Another notable subsea tie-back being constructed in the US Gulf of Mexico is Deep Gulf Energy’s Kodiak field in Mississippi Canyon Blocks 771 and 727. Originally discovered by BP in 2008, the discovery well logged 500 net ft of hydrocarbon bearing sands in Middle and Lower Miocene reservoirs. Production from the tie-back development is expected to begin during the first half of 2016. Deep Gulf Energy awarded Technip an engineering, procurement, installation and construction contract in September of 2014 covering the project management, fabrication and installation of over 7.5 miles (12 km) of reeled pipeline and risers, and installation of a 6.8 mile (11 km) umbilical with associated terminations and flying leads. The contractor is expected to utilise its Deep Blue pipelay vessel to undertake the installation scope. Development drilling is currently ongoing using semi Noble Danny Adkins, which Deep Gulf has under contract until June. Kodiak is planned to be tied into the Devil’s Tower spar facility in Mississippi Canyon Block 773.
In an attempt to increase production from already producing fields, operators are also planning and carrying out subsea expansion projects. At least half a dozen expansions of already proven fields are scheduled to come on stream this year. Given oil is currently priced at around US$50/bbl for WTI, expanding on already proven reserves is a very smart move. Two such expansions belong to operator BHP Billiton – Shenzi and Neptune. Newbuild Transocean drillship Deepwater Invictus began a three-year programme with BHP Billiton in mid-2014 and has already conducted development work on both projects.
Shenzi has already undergone frequent additional work in order to boost production via water injection and expansion on the field’s northern portion. The new Shenzi expansion consists of seven water injectors being added as well as five development wells. These are expected to come online between now and 2019. The Neptune expansion is a single-well subsea tie-back to the Neptune TLP.
Another upcoming project is the Shell-operated Phase Two expansion on the Coulomb field in Mississippi Canyon Block 657. Coulomb is being developed via subsea wells tied back to the Na Kika semisubmersible production facility. Shell is currently planning a two-well expansion tied into existing subsea infrastructure. The FID for the project was announced late in the fourth quarter of 2014, and production is anticipated to begin in the latter part of the third quarter of this year.

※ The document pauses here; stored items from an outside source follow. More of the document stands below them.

Import GRing.Theory Num.Theory.
Local Open Scope ring_scope.

Lemma adjmxK m n (A : 'M[C]_(m, n)) : adjmx (adjmx A) = A.
Proof. exact: trmxCK. Qed.

Lemma adjmxM m n p (A : 'M[C]_(m, n)) (B : 'M[C]_(n, p)) :
  adjmx (A *m B) = adjmx B *m adjmx A.
Proof. by rewrite /adjmx trmx_mul map_mxM. Qed.

Lemma adjmxD m n (A B : 'M[C]_(m, n)) : adjmx (A + B) = adjmx A + adjmx B.
Proof. by apply/matrixP => i j; rewrite !mxE rmorphD. Qed.

Lemma adjmxN m n (A : 'M[C]_(m, n)) : adjmx (- A) = - adjmx A.
Proof. by apply/matrixP => i j; rewrite !mxE rmorphN. Qed.

Lemma adjmxZ m n a (A : 'M[C]_(m, n)) : adjmx (a *: A) = a^* *: adjmx A.
Proof. by apply/matrixP => i j; rewrite !mxE rmorphM. Qed.

Lemma adjmx0 m n : adjmx (0 : 'M[C]_(m, n)) = 0.
Proof. by apply/matrixP => i j; rewrite !mxE rmorph0. Qed.

Lemma adjmx1 m : adjmx (1%:M : 'M[C]_m) = 1%:M.
Proof. by apply/matrixP => i j; rewrite !mxE rmorphMn rmorph1 eq_sym. Qed.

Lemma adjmx_col m1 m2 n (A : 'M[C]_(m1, n)) (B : 'M[C]_(m2, n)) :
  adjmx (col_mx A B) = row_mx (adjmx A) (adjmx B).
Proof. by rewrite /adjmx tr_col_mx map_row_mx. Qed.

Lemma unitary_mxP m (U : 'M[C]_m) : unitary_mx U <-> U *m adjmx U = 1%:M.
Proof. by split => /unitarymxP. Qed.

Lemma herm_unitaryE m (S : 'M[C]_m) :
  herm_mx S -> unitary_mx S <-> S *m S = 1%:M.
Proof. by rewrite unitary_mxP => ->. Qed.

Lemma conj_rC a : (rC a)^* = rC a.
Proof. by apply/conj_Creal/complex_realP; exists a. Qed.

Lemma Creal_rC (z : C) : z \is Num.real -> exists a, z = rC a.
Proof. by move=> /complex_realP. Qed.

Lemma rC1 : rC 1 = 1.
Proof. by rewrite /rC rmorph1. Qed.

Lemma rC_eq0 a : (rC a == 0) = (a == 0).
Proof. by apply/eqP/eqP => [/complexI | ->]. Qed.

Definition mx2 (a b c d : C) : 'M[C]_2 :=
  \matrix_(i, j) if val i == 0%N then (if val j == 0%N then a else b)
                 else (if val j == 0%N then c else d).

Definition pauli_x := mx2 0 1 1 0.
Definition pauli_y := mx2 0 (- 'i) 'i 0.
Definition pauli_z := mx2 1 0 0 (-1).

Lemma ord2_cases (i : 'I_2) : i = 0 \/ i = 1.
Proof. by case: i => [[|[|]]] // lt_i2; [left | right]; apply: val_inj. Qed.

Lemma mulCii : 'i * 'i = -1 :> C.
Proof. by rewrite -expr2 sqrCi. Qed.

Record pauli_triple m (X Y Z : 'M[C]_m) : Prop := PauliTriple {
  pauli_hermX : herm_mx X;
  pauli_hermY : herm_mx Y;
  pauli_hermZ : herm_mx Z;
  pauli_sqrX : X *m X = 1%:M;
  pauli_sqrY : Y *m Y = 1%:M;
  pauli_sqrZ : Z *m Z = 1%:M;
  pauli_antiXY : X *m Y = - (Y *m X);
  pauli_antiXZ : X *m Z = - (Z *m X);
  pauli_antiYZ : Y *m Z = - (Z *m Y)
}.

Lemma pauli_matrices : pauli_triple pauli_x pauli_y pauli_z.
Proof.
split; apply/matrixP => i j; rewrite !mxE ?big_ord_recl ?big_ord0 ?mxE;
  case: (ord2_cases i) => ->; case: (ord2_cases j) => -> /=;
  by rewrite ?rmorphN /= ?(conjC0, conjC1, conjCi, opprK, oppr0, mulCii,
    mulr0, mul0r, mulr1, mul1r, mulrN, mulNr, addr0, add0r).
Qed.

Lemma mxtrace2 (A : 'M[C]_2) : \tr A = A 0 0 + A 1 1.
Proof.
rewrite /mxtrace !big_ord_recl big_ord0 addr0.
by congr (_ + A _ _); apply: val_inj.
Qed.

Lemma iherm0_involution (A : 'M[C]_2) :
  herm_mx A -> \tr A = 0 -> A *m A = 1%:M -> iherm0 A.
Proof. by move=> hA trA AA; split; [split | apply/herm_unitaryE]. Qed.

Lemma iherm0_pauli : [/\ iherm0 pauli_x, iherm0 pauli_y & iherm0 pauli_z].
Proof.
have [hX hY hZ XX YY ZZ _ _ _] := pauli_matrices.
by split; apply: iherm0_involution; rewrite // mxtrace2 !mxE /= ?addr0 ?subrr.
Qed.

Lemma herm0_pauli_decomp A : herm0 A ->
  exists a b c, A = rC a *: pauli_x + rC b *: pauli_y + rC c *: pauli_z.
Proof.
case=> hA trA.
have adjA i j : (A j i)^* = A i j by move/matrixP: hA => /(_ i j); rewrite !mxE.
have A11 : A 1 1 = - A 0 0 by apply/eqP; rewrite -addr_eq0 addrC -mxtrace2 trA.
have [c ec] : exists c, A 0 0 = rC c by apply/Creal_rC/CrealP; exact: adjA.
have [a ea] := Creal_rC (Creal_Re (A 1 0)).
have [b eb] := Creal_rC (Creal_Im (A 1 0)).
have A10 : A 1 0 = rC a + 'i * rC b by rewrite -ea -eb -Crect.
exists a, b, c; apply/matrixP => i j; rewrite !mxE.
case: (ord2_cases i) => ->; case: (ord2_cases j) => -> /=.
- by rewrite ec; ring.
- by rewrite -adjA A10 rmorphD rmorphM /= conjCi !conj_rC; ring.
- by rewrite A10; ring.
- by rewrite A11 ec; ring.
Qed.

Lemma herm0_lincomb a b A B :
  herm0 A -> herm0 B -> herm0 (rC a *: A + rC b *: B).
Proof.
case=> hA trA [hB trB]; split.
  by rewrite /herm_mx adjmxD !adjmxZ !conj_rC hA hB.
by rewrite mxtraceD !mxtraceZ trA trB !mulr0 addr0.
Qed.

Lemma sqr_lincomb n (S T : 'M[C]_n) a b :
  (a *: S + b *: T) *m (a *: S + b *: T) =
  (a * a) *: (S *m S) + (a * b) *: (S *m T + T *m S) + (b * b) *: (T *m T).
Proof.
rewrite !mulmxDl !mulmxDr -!scalemxAl -!scalemxAr !scalerA scalerDr.
by rewrite [b * a]mulrC -!addrA.
Qed.

Lemma iherm0_lincomb a b S T : a * a + b * b = 1 ->
  iherm0 S -> iherm0 T -> S *m T = - (T *m S) -> iherm0 (rC a *: S + rC b *: T).
Proof.
move=> ab [hS uS] [hT uT] ST; have hST := herm0_lincomb a b hS hT.
split; first exact: hST.
apply/(herm_unitaryE hST.1).
rewrite sqr_lincomb ST addNr scaler0 addr0.
rewrite (herm_unitaryE hS.1).1 // (herm_unitaryE hT.1).1 //.
by rewrite -scalerDl -!rmorphM -rmorphD /= ab scale1r.
Qed.

Section InvolutionPreserver.
Variables (m : nat) (phi : 'M[C]_2 -> 'M[C]_m).
Hypothesis phi_lin : real_linear_on_herm0 phi.
Hypothesis phi_iherm0 :
  forall A, iherm0 A -> herm_mx (phi A) /\ unitary_mx (phi A).

Lemma phi_sqr A : iherm0 A -> phi A *m phi A = 1%:M.
Proof. by move=> /phi_iherm0[hA uA]; apply/herm_unitaryE. Qed.

Lemma phi_anticomm S T : iherm0 S -> iherm0 T ->
  S *m T = - (T *m S) -> phi S *m phi T = - (phi T *m phi S).
Proof.
move=> iS iT ST; have [[hS _] [hT _]] := (iS, iT).
pose a : Rdefinitions.R := 3 / 5; pose b : Rdefinitions.R := 4 / 5.
have ab : a * a + b * b = 1 by rewrite /a /b; field.
have ab_neq0 : a * b != 0 by rewrite !mulf_neq0 ?invr_eq0 ?pnatr_eq0.
have := phi_sqr (iherm0_lincomb ab iS iT ST).
rewrite (phi_lin a b hS hT) sqr_lincomb !phi_sqr // addrAC -scalerDl.
rewrite -!rmorphM -rmorphD /= ab scale1r -{2}[1%:M]addr0 => /addrI/eqP.
by rewrite scaler_eq0 rC_eq0 (negbTE ab_neq0) addr_eq0 => /eqP.
Qed.

Lemma phi_pauli : pauli_triple (phi pauli_x) (phi pauli_y) (phi pauli_z).
Proof.
have [ix iy iz] := iherm0_pauli; have [_ _ _ _ _ _ xy xz yz] := pauli_matrices.
by split; apply: phi_sqr || apply: phi_anticomm || apply: (phi_iherm0 _).1.
Qed.

Lemma phi_pauli_lincomb a b c :
  phi (rC a *: pauli_x + rC b *: pauli_y + rC c *: pauli_z) =
  rC a *: phi pauli_x + rC b *: phi pauli_y + rC c *: phi pauli_z.
Proof.
have [[hx _] [hy _] [hz _]] := iherm0_pauli.
have := phi_lin 1 c (herm0_lincomb a b hx hy) hz.
by rewrite rC1 !scale1r => ->; rewrite (phi_lin a b hx hy).
Qed.

End InvolutionPreserver.

Lemma mulmx_anticomm m k (A B : 'M[C]_m) (P : 'M[C]_(k, m)) :
  A *m B = - (B *m A) -> P *m B *m A = - (P *m A *m B).
Proof. by move=> AB; rewrite -!mulmxA AB mulmxN opprK. Qed.

Lemma mulmx_involK m k (A : 'M[C]_m) (P : 'M[C]_(k, m)) :
  A *m A = 1%:M -> P *m A *m A = P.
Proof. by move=> AA; rewrite -mulmxA AA mulmx1. Qed.

Section JointProjection.
Variables (m : nat) (A B : 'M[C]_m).
Hypotheses (hermA : herm_mx A) (hermB : herm_mx B).
Hypotheses (sqrA : A *m A = 1%:M) (sqrB : B *m B = 1%:M) (AB : A *m B = B *m A).

Definition joint_proj := 4%:R^-1 *: ((1%:M + A) *m (1%:M + B)).

Lemma joint_projA : joint_proj *m A = joint_proj.
Proof.
have BA1 : (1%:M + B) *m A = A *m (1%:M + B).
  by rewrite mulmxDl mulmxDr mul1mx mulmx1 AB.
by rewrite -scalemxAl -mulmxA BA1 mulmxA mulmxDl sqrA mul1mx addrC.
Qed.

Lemma joint_projB : joint_proj *m B = joint_proj.
Proof.
by rewrite -scalemxAl -mulmxA [_ *m B]mulmxDl sqrB mul1mx [B + _]addrC.
Qed.

Lemma joint_proj_herm : herm_mx joint_proj.
Proof.
rewrite /herm_mx /joint_proj adjmxZ adjmxM !adjmxD adjmx1 hermA hermB.
rewrite fmorphV rmorph_nat.
by congr (_ *: _); rewrite !mulmxDl !mulmxDr !mul1mx !mulmx1 AB addrACA.
Qed.

Lemma joint_proj_idem : joint_proj *m joint_proj = joint_proj.
Proof.
have PA : joint_proj *m (1%:M + A) = 2%:R *: joint_proj.
  by rewrite mulmxDr mulmx1 joint_projA scaler_nat mulr2n.
have PB : joint_proj *m (1%:M + B) = 2%:R *: joint_proj.
  by rewrite mulmxDr mulmx1 joint_projB scaler_nat mulr2n.
rewrite {2}/joint_proj -scalemxAr mulmxA PA -scalemxAl PB 2!scalerA.
by rewrite -mulrA -natrM mulVf ?pnatr_eq0 // scale1r.
Qed.

End JointProjection.

Lemma joint_proj_addN m (A B : 'M[C]_m) :
  joint_proj A B + joint_proj A (- B) = 2%:R^-1 *: (1%:M + A).
Proof.
rewrite /joint_proj -scalerDr -mulmxDr addrACA subrr addr0 mulmxDr mulmx1.
by rewrite scalerDr -scalerDl; congr (_ *: _); field.
Qed.

Lemma joint_proj_conj m (A B X : 'M[C]_m) : X *m X = 1%:M ->
  X *m A = A *m X -> X *m B = - (B *m X) ->
  X *m joint_proj A B *m X = joint_proj A (- B).
Proof.
move=> XX XA XB; rewrite /joint_proj -scalemxAr -scalemxAl; congr (_ *: _).
have X1A : X *m (1%:M + A) = (1%:M + A) *m X.
  by rewrite mulmxDl mulmxDr mul1mx mulmx1 XA.
rewrite mulmxA X1A -!mulmxA; congr (_ *m _).
by rewrite mulmxDl mul1mx mulmxDr XX mulmxA XB mulNmx -mulmxA XX mulmx1.
Qed.

Lemma proj_gram_factor m (P : 'M[C]_m) : herm_mx P -> P *m P = P ->
  exists E : 'M[C]_(\rank P, m), E *m adjmx E = 1%:M /\ adjmx E *m E = P.
Proof.
move=> hP PP; pose E := schmidt (row_base P).
have /unitarymxP orthE : E \is unitarymx.
  exact/schmidt_unitarymx/rank_leq_col.
have eqEP : (E :=: P)%MS.
  exact: eqmx_trans (eqmx_schmidt_free (row_base_free P)) (eq_row_base P).
have [K EKP] : exists K, E = K *m P by apply/submxP; rewrite eqEP.
have [L PLE] : exists L, P = L *m E by apply/submxP; rewrite eqEP.
have EP : E *m P = E by rewrite EKP -mulmxA PP.
have PE : P *m adjmx E = adjmx E.
  by move: (congr1 (@adjmx _ _) EP); rewrite adjmxM hP.
have EL : adjmx E = L.
  by move: (congr1 (mulmx^~ (adjmx E)) PLE); rewrite PE -mulmxA orthE mulmx1.
by exists E; split; rewrite // EL; exact: esym.
Qed.

Lemma orthonormal_fixed n m (G : 'M[C]_(n, m)) (S : 'M[C]_m) :
  G *m adjmx G = 1%:M -> adjmx G *m G *m S = adjmx G *m G -> G *m S = G.
Proof.
move=> GG PS; rewrite -{1}[G]mul1mx -GG -(mulmxA G (adjmx G) G) -mulmxA PS.
by rewrite mulmxA GG mul1mx.
Qed.

Lemma oppmx_self_eq0 m n (A : 'M[C]_(m, n)) : A = - A -> A = 0.
Proof.
move=> h; apply/eqP; have : (2%:R : C) *: A == 0.
  by rewrite scaler_nat mulr2n {1}h addNr.
by rewrite scaler_eq0 pnatr_eq0.
Qed.

Lemma eigen_orthogonal m n1 n2 (S : 'M[C]_m)
    (E : 'M[C]_(n1, m)) (F : 'M[C]_(n2, m)) :
  herm_mx S -> E *m S = E -> F *m S = - F ->
  E *m adjmx F = 0 /\ F *m adjmx E = 0.
Proof.
move=> hS ES FS; have EF0 : E *m adjmx F = 0.
  apply: oppmx_self_eq0.
  by rewrite -{1}ES -mulmxA -{1}hS -adjmxM FS adjmxN mulmxN.
by split; rewrite // -[F]adjmxK -adjmxM EF0 adjmx0.
Qed.

Definition pauli_W m (X Y Z : 'M[C]_m) : 'M[C]_m := - 'i *: (X *m Y *m Z).

Definition tens1_block n (A : 'M[C]_2) : 'M[C]_(n + n) :=
  block_mx (A 0 0)%:M (A 0 1)%:M (A 1 0)%:M (A 1 1)%:M.

Lemma tens1_block_mul_col n k (A : 'M[C]_2) (E F : 'M[C]_(n, k)) :
  tens1_block n A *m col_mx E F =
  col_mx (A 0 0 *: E + A 0 1 *: F) (A 1 0 *: E + A 1 1 *: F).
Proof. by rewrite mul_block_col !mul_scalar_mx. Qed.

Lemma tens1_blockN n (A : 'M[C]_2) : tens1_block n (- A) = - tens1_block n A.
Proof. by rewrite /tens1_block opp_block_mx !mxE !raddfN. Qed.

Section PauliFrame.
Variables (m : nat) (X Y Z : 'M[C]_m).
Hypothesis pXYZ : pauli_triple X Y Z.
Local Notation W := (pauli_W X Y Z).

Let hX := pauli_hermX pXYZ.
Let hY := pauli_hermY pXYZ.
Let hZ := pauli_hermZ pXYZ.
Let XX := pauli_sqrX pXYZ.
Let YY := pauli_sqrY pXYZ.
Let ZZ := pauli_sqrZ pXYZ.
Let XXK k (P : 'M[C]_(k, m)) := mulmx_involK P XX.
Let ZZK k (P : 'M[C]_(k, m)) := mulmx_involK P ZZ.
Let YX k (P : 'M[C]_(k, m)) := mulmx_anticomm P (pauli_antiXY pXYZ).
Let ZX k (P : 'M[C]_(k, m)) := mulmx_anticomm P (pauli_antiXZ pXYZ).
Let ZY k (P : 'M[C]_(k, m)) := mulmx_anticomm P (pauli_antiYZ pXYZ).
Let ZX1 : Z *m X = - (X *m Z). Proof. by rewrite (pauli_antiXZ pXYZ) opprK. Qed.

Lemma pauli_W_herm : herm_mx W.
Proof.
rewrite /herm_mx /pauli_W adjmxZ !adjmxM hX hY hZ rmorphN /= conjCi mulmxA.
by rewrite YX ZX1 !mulNmx ZY !opprK scalerN scaleNr.
Qed.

These are just a few of the deepwater projects scheduled to move forward in the US Gulf of Mexico over the next few years. While some have been delayed until commodity prices rise to acceptable levels, most are proceeding due to the long-term nature of both the development process and the length of time a field is expected to produce. As technology improves, enabling production from challenging reservoirs, and shallower resources are depleted, deepwater projects should be expected to remain a priority over the long term.